The present invention includes the following positions.

(1) Insulating polymer composition comprising 60-90 wt.% copolymer (A) ethylene and α-olefin obtained by copolymerization using one catalyst, and 40-10 wt.% the polyolefin resin (B), which is the other polyolefin than the copolymer (A) ethylene and α-olefin, and polymer composition comprises a polyolefin to which using the graft copolymerization graft Deputy, having a dipole moment of not less than 4 Debye.

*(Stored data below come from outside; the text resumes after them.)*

Lemma scaled_ind_realizable_even (S : {set V}) :
  [forall c, ~~ odd (nbS adj S c)] -> lift_realizable adj (scaled_ind S 1).
Proof.
move=> /forallP even_S.
exists 1, (fun _ _ => 1%g), (fun v _ => v \in S); split => //; split => [|v].
  apply/lift_codewordE => c j /=; rewrite (eq_card (B := [set v in S | adj v c])) ?even_S // => v.
  by rewrite !inE andbC.
rewrite scaled_indE; case: (v \in S).
  by rewrite -[LHS](card_ord 1); apply: eq_card => i; rewrite inE.
by apply/esym/eqP; rewrite cards_eq0; apply/eqP/setP => i; rewrite !inE.
Qed.

(* In the degree-3 lift realizing twice the indicator of S, copies 1 and 2 of
   every vertex of S are set.  At a check with an odd number of neighbours in S
   two of them, marked 1 and 2, have their edges lifted by the transpositions
   (0 1) and (0 2), the other edges by (0 0) = 1: then check copy 0 sees two 1s
   and copies 1 and 2 each see all but one of the S-neighbours. *)
Definition odd_check_mark (S : {set V}) (c : C) (v : V) : nat :=
  let Sc := [set w in S | adj w c] in
  if odd #|Sc| then
    if [pick ab : V * V | [&& ab.1 \in Sc, ab.2 \in Sc & ab.1 != ab.2]] is Some (a, b)
    then (if v == a then 1 else if v == b then 2 else 0) else 0
  else 0.

Lemma odd_check_mark_le2 S c v : odd_check_mark S c v <= 2.
Proof.
rewrite /odd_check_mark; case: ifP => // _; case: pickP => // -[a b] _.
by case: ifP => // _; case: ifP.
Qed.

Lemma odd_check_mark_even S c v : ~~ odd (nbS adj S c) -> odd_check_mark S c v = 0.
Proof. by rewrite /odd_check_mark /nbS => /negPf ->. Qed.

Lemma odd_check_markP (S : {set V}) c :
  stopping_set adj S -> odd (nbS adj S c) ->
  exists a b, [/\ a \in [set w in S | adj w c], b \in [set w in S | adj w c], a != b &
    forall v, odd_check_mark S c v = if v == a then 1 else if v == b then 2 else 0].
Proof.
move=> [_ Sstop] odd_c.
rewrite /odd_check_mark -/(nbS adj S c) odd_c.
case: pickP => [[a b] /and3P[aSc bSc ab]|none]; first by exists a, b.
have /card_gt1P[a [b [aSc bSc ab]]] : 1 < nbS adj S c.
  by apply: Sstop; rewrite lt0n; apply: contraTneq odd_c => ->.
by have := none (a, b); rewrite /= aSc bSc ab.
Qed.

Lemma card_unmarked_even (S : {set V}) c (j : 'I_3) :
  stopping_set adj S ->
  ~~ odd #|[set v in [set w in S | adj w c] | val j != odd_check_mark S c v]|.
Proof.
move=> Sstop; set Sc := [set w in S | adj w c].
have [odd_c|even_c] := boolP (odd (nbS adj S c)); last first.
  have [j0|jn0] := eqVneq (val j) 0.
    rewrite (eq_card (B := set0)) ?cards0 // => v.
    by rewrite !inE odd_check_mark_even // j0 eqxx andbF.
  rewrite (eq_card (B := Sc)) // => v.
  by rewrite !inE odd_check_mark_even // jn0 andbT.
have [a [b [aSc bSc ab markE]]] := odd_check_markP Sstop odd_c.
have card_minus1 z : z \in Sc -> ~~ odd #|Sc :\ z|.
  by move=> zSc; move: odd_c; rewrite /nbS -/Sc (cardsD1 z) zSc.
move: aSc bSc; rewrite !inE => /andP[aS ac] /andP[bS bc].
case: j => [[|[|[|//]]] j_lt] /=;
  [rewrite (eq_card (B := [set a; b])) ?cards2 ?ab //
  |rewrite (eq_card (B := Sc :\ a)) ?card_minus1 ?inE ?aS ?ac //
  |rewrite (eq_card (B := Sc :\ b)) ?card_minus1 ?inE ?bS ?bc //] => v;
  rewrite !inE markE; case: (eqVneq v a) => [->|_]; try case: (eqVneq v b) => [->|_];
  by rewrite ?aS ?ac ?bS ?bc ?(negbTE ab) ?andbF ?andbT.
Qed.

Lemma scaled_ind_realizable_stopping (S : {set V}) :
  stopping_set adj S -> lift_realizable adj (scaled_ind S 2).
Proof.
move=> Sstop.
exists 3, (fun v c => tperm ord0 (inord (odd_check_mark S c v))),
  (fun v i => (v \in S) && (i != ord0)); split => //; split => [|v].
  apply/lift_codewordE => c j /=.
  set unmarked := [set v in [set w in S | adj w c] | val j != odd_check_mark S c v].
  rewrite (eq_card (B := unmarked)) ?card_unmarked_even // => v.
  rewrite !inE tpermV tperm_eqL -val_eqE /=.
  by rewrite inordK ?ltnS ?odd_check_mark_le2 // andbA [adj v c && _]andbC.
rewrite scaled_indE; case: (v \in S).
  by rewrite (eq_card (B := [set~ ord0])) ?cardsC1 ?card_ord // => i; rewrite !inE.
by apply/esym/eqP; rewrite cards_eq0; apply/eqP/setP => i; rewrite !inE.
Qed.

(2) Insulating polymer composition according to item (1), in which the rate of flow of the melt of the copolymer (A) ethylene and α-olefin obtained by copolymerization with ispolzovatwindows catalyst, ranges from 2 to 10.

(3) Insulating polymer composition according to item (1), in which the polyolefin resin (B) represents at least one resin selected from the group consisting of low density polyethylene, obtained at high pressure; a copolymer of ethylene and α-olefin obtained by copolymerization using a catalyst of the Ziegler-Coloring; and a copolymer of ethylene and α-olefin obtained by copolymerization using one catalyst and having at least 2.5 times lower than the rate of flow of the melt than the copolymer (A) ethylene and α-olefin.

(4) Insulating polymer composition according to item (1), in which the rate of flow of the melt of the polyolefin resin (b) is from 0.1 to 10.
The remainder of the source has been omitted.